End-user email reporting, a critical metric for gauging positive employee behavior, is also examined within this year’s report. The volume of reported messages jumped significantly year over year, with end users reporting more than nine million suspicious emails in 2019, an increase of 67 percent over 2018.
The increase is a positive sign for infosec teams, as there’s a trend toward more targeted, personalized attacks over bulk campaigns.
Users need to be increasingly vigilant in order to identify sophisticated phishing lures, and reporting mechanisms allow employees to alert infosec teams to potentially dangerous messages that evade perimeter defenses.
Phishing attacks in 2019: Key takeaways
More than half (55 percent) of surveyed organizations dealt with at least one successful phishing attack in 2019, and infosecurity professionals reported a high frequency of social engineering attempts across a range of methods.
88 percent of organizations worldwide reported spear-phishing attacks in 2019, 86 percent reported BEC attacks, 86 percent reported social media attacks, 84 percent reported SMS/text phishing (smishing), 83 percent reported voice phishing (vishing), and 81 percent reported malicious USB drops.
Sixty-five percent of surveyed infosec professionals said their organization experienced a ransomware infection in 2019; 33 percent opted to pay the ransom while 32 percent did not.

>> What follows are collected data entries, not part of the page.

Lemma c0D (f g : G -> K) : c0 f -> c0 g -> c0 (f \+ g).
Proof.
move=> /c0P f0 /c0P g0; apply/c0P => eps eps_gt0.
have eps2_gt0 : 0 < eps / 2 by rewrite divr_gt0.
have fin : finite_set ([set i | eps / 2 <= normc (f i)] `|` [set i | eps / 2 <= normc (g i)]).
  by rewrite finite_setU; split; [apply: f0 | apply: g0].
apply: sub_finite_set fin => x /= fgx; apply: contrapT => /not_orP[/negP + /negP].
by rewrite -!ltNge; have := normcD (f x) (g x); lra.
Qed.

Lemma c0Z (c : K) (f : G -> K) : c0 f -> c0 (fun x => c * f x).
Proof.
move=> /c0P f0; apply/c0P => eps eps_gt0.
have c1_gt0 : 0 < normc c + 1 by rewrite ltr_wpDl ?normc_ge0.
apply: sub_finite_set (f0 _ (divr_gt0 eps_gt0 c1_gt0)) => x /= cfx.
rewrite ler_pdivrMr //; apply: le_trans cfx _.
by rewrite normcM mulrC ler_wpM2l ?normc_ge0 ?lerDl.
Qed.

Lemma op_boundE (U : op) (D : K) :
  op_bound U D -> forall a, l1 a -> forall s, normc (U a s) <= normc D * l1n a.
Proof.
move=> UD a la s; have := UD a la s; rewrite (l1norm_l1n la) normr_normc => le_Uas.
have /ger0_norm Dl1n : 0 <= D * (l1n a)%:C by apply: le_trans le_Uas; rewrite lecR normc_ge0.
move: le_Uas; rewrite -Dl1n normrM !normr_normc normcR ger0_norm ?l1n_ge0 //.
by rewrite -rmorphM lecR.
Qed.

Lemma op_boundR (U : op) (d : R) :
  (forall a, l1 a -> forall s, normc (U a s) <= d * l1n a) -> op_bound U d%:C.
Proof. by move=> Ud a la s; rewrite (l1norm_l1n la) normr_normc -rmorphM lecR Ud. Qed.
(* Let $A,B$ be finite groups equipped with probability measures $\mu$ on $A$ and $\nu$ on $B$. Let $(\mathcal{M},\tau)$ be a von Neumann algebra with a normal faithful tracial state and $U:A\to\mathcal{U}(\mathcal{M})$, $V:B\to\mathcal{U}(\mathcal{M})$ group homomorphisms. Then \[\mathbf{E}_{a\in A,b\in B}\|[U(a),V(b)]\|_2^2\leq\kappa(\mu)\kappa(\nu)\int\|[U(a),V(b)]\|_2^2\,d\mu(a)\,d\nu(b).\]
   Context: $\|x\|_2=\tau(x^*x)^{1/2}$, $[x,y]=xy-yx$, $\mathbf{E}$ is the average for the uniform probability measure. For a countable group $G$ and a probability measure $\mu$ on $G$, $\kappa(\mu)$ is the smallest number $\kappa\in[0,+\infty]$ such that for every unitary representation $(\pi,\mathcal{H})$ of $G$ and every $\xi\in\mathcal{H}$, $\|\xi-P_{\mathcal{H}^\pi}\xi\|^2\leq\frac{\kappa}{2}\int_G\|\pi(g)\xi-\xi\|^2d\mu(g)$, where $\mathcal{H}^\pi$ is the space of $\pi(G)$-invariant vectors and $P_{\mathcal{H}^\pi}$ the orthogonal projection onto it ($\kappa(\mu)=+\infty$ if no finite constant works, e.g. if the support of $\mu$ does not generate $G$; in that case the right-hand side of the claim is interpreted as $+\infty$). *)

From HB Require Import structures.
From mathcomp Require Import all_boot all_order all_algebra all_fingroup.
From mathcomp Require Import complex.
From mathcomp Require Import boolp classical_sets reals constructive_ereal ereal.

Set Implicit Arguments.
Unset Strict Implicit.
Unset Printing Implicit Defensive.

Import Order.TTheory GRing.Theory Num.Theory.
Local Open Scope ring_scope.

Record hilbert (R : realType) (H : lmodType R[i]) := Hilbert {
  ip : H -> H -> R[i];
  ip_linear : forall (a : R[i]) (x y z : H), ip (a *: x + y) z = a * ip x z + ip y z;
  ip_conj : forall x y : H, ip y x = (ip x y)^*;
  ip_ge0 : forall x : H, 0 <= ip x x;
  ip_eq0 : forall x : H, ip x x = 0 -> x = 0;
  ip_complete : forall u : nat -> H,
    (forall e : R, 0 < e -> exists N : nat, forall m n : nat, (N <= m)%N -> (N <= n)%N ->
        Num.sqrt (complex.Re (ip (u m - u n) (u m - u n))) < e) ->
    exists l : H, forall e : R, 0 < e -> exists N : nat, forall n : nat, (N <= n)%N ->
        Num.sqrt (complex.Re (ip (u n - l) (u n - l))) < e
}.

Definition hnorm (R : realType) (H : lmodType R[i]) (h : hilbert H) (x : H) : R :=
  Num.sqrt (complex.Re (ip h x x)).

Definition unitary_rep (R : realType) (G : finGroupType) (H : lmodType R[i])
    (h : hilbert H) (pi : G -> H -> H) : Prop :=
  [/\ (forall g (a : R[i]) (x y : H), pi g (a *: x + y) = a *: pi g x + pi g y),
      (forall g (x y : H), ip h (pi g x) (pi g y) = ip h x y),
      (forall g, forall y : H, exists x : H, pi g x = y),
      (forall x : H, pi 1%g x = x) &
      (forall g1 g2 (x : H), pi (g1 * g2)%g x = pi g1 (pi g2 x))].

Of those who negotiated with attackers, nine percent were hit with follow-up ransom demands, and 22 percent never got access to their data, even after paying a ransom.
Organizations are benefitting from consequence models. Globally, 63 percent of organizations take corrective action with users who repeatedly make mistakes related to phishing attacks. Most infosec respondents said that employee awareness improved following the implementation of a consequence model.
Many working adults fail to follow cybersecurity best practices. Forty-five percent admit to password reuse, more than 50 percent do not password-protect home networks, and 90 percent said they use employer-issued devices for personal activities. In addition, 32 percent of working adults were unfamiliar with VPN services.
Recognition of common cybersecurity terms is lacking among many users. In the global survey, working adults were asked to identify the definitions of the following cybersecurity terms: phishing (61 percent correct), ransomware (31 percent correct), smishing (30 percent correct), and vishing (25 percent correct).
These findings spotlight a knowledge gap among some users and a potential language barrier for security teams attempting to educate employees about these threats. It’s critical for organizations to communicate effectively with users and empower them to be a strong last line of defense.
Millennials continue to underperform other age groups in fundamental phishing and ransomware awareness, a caution that organizations should not assume younger workers have an innate understanding of cybersecurity threats. Millennials had the best recognition of only one term: smishing.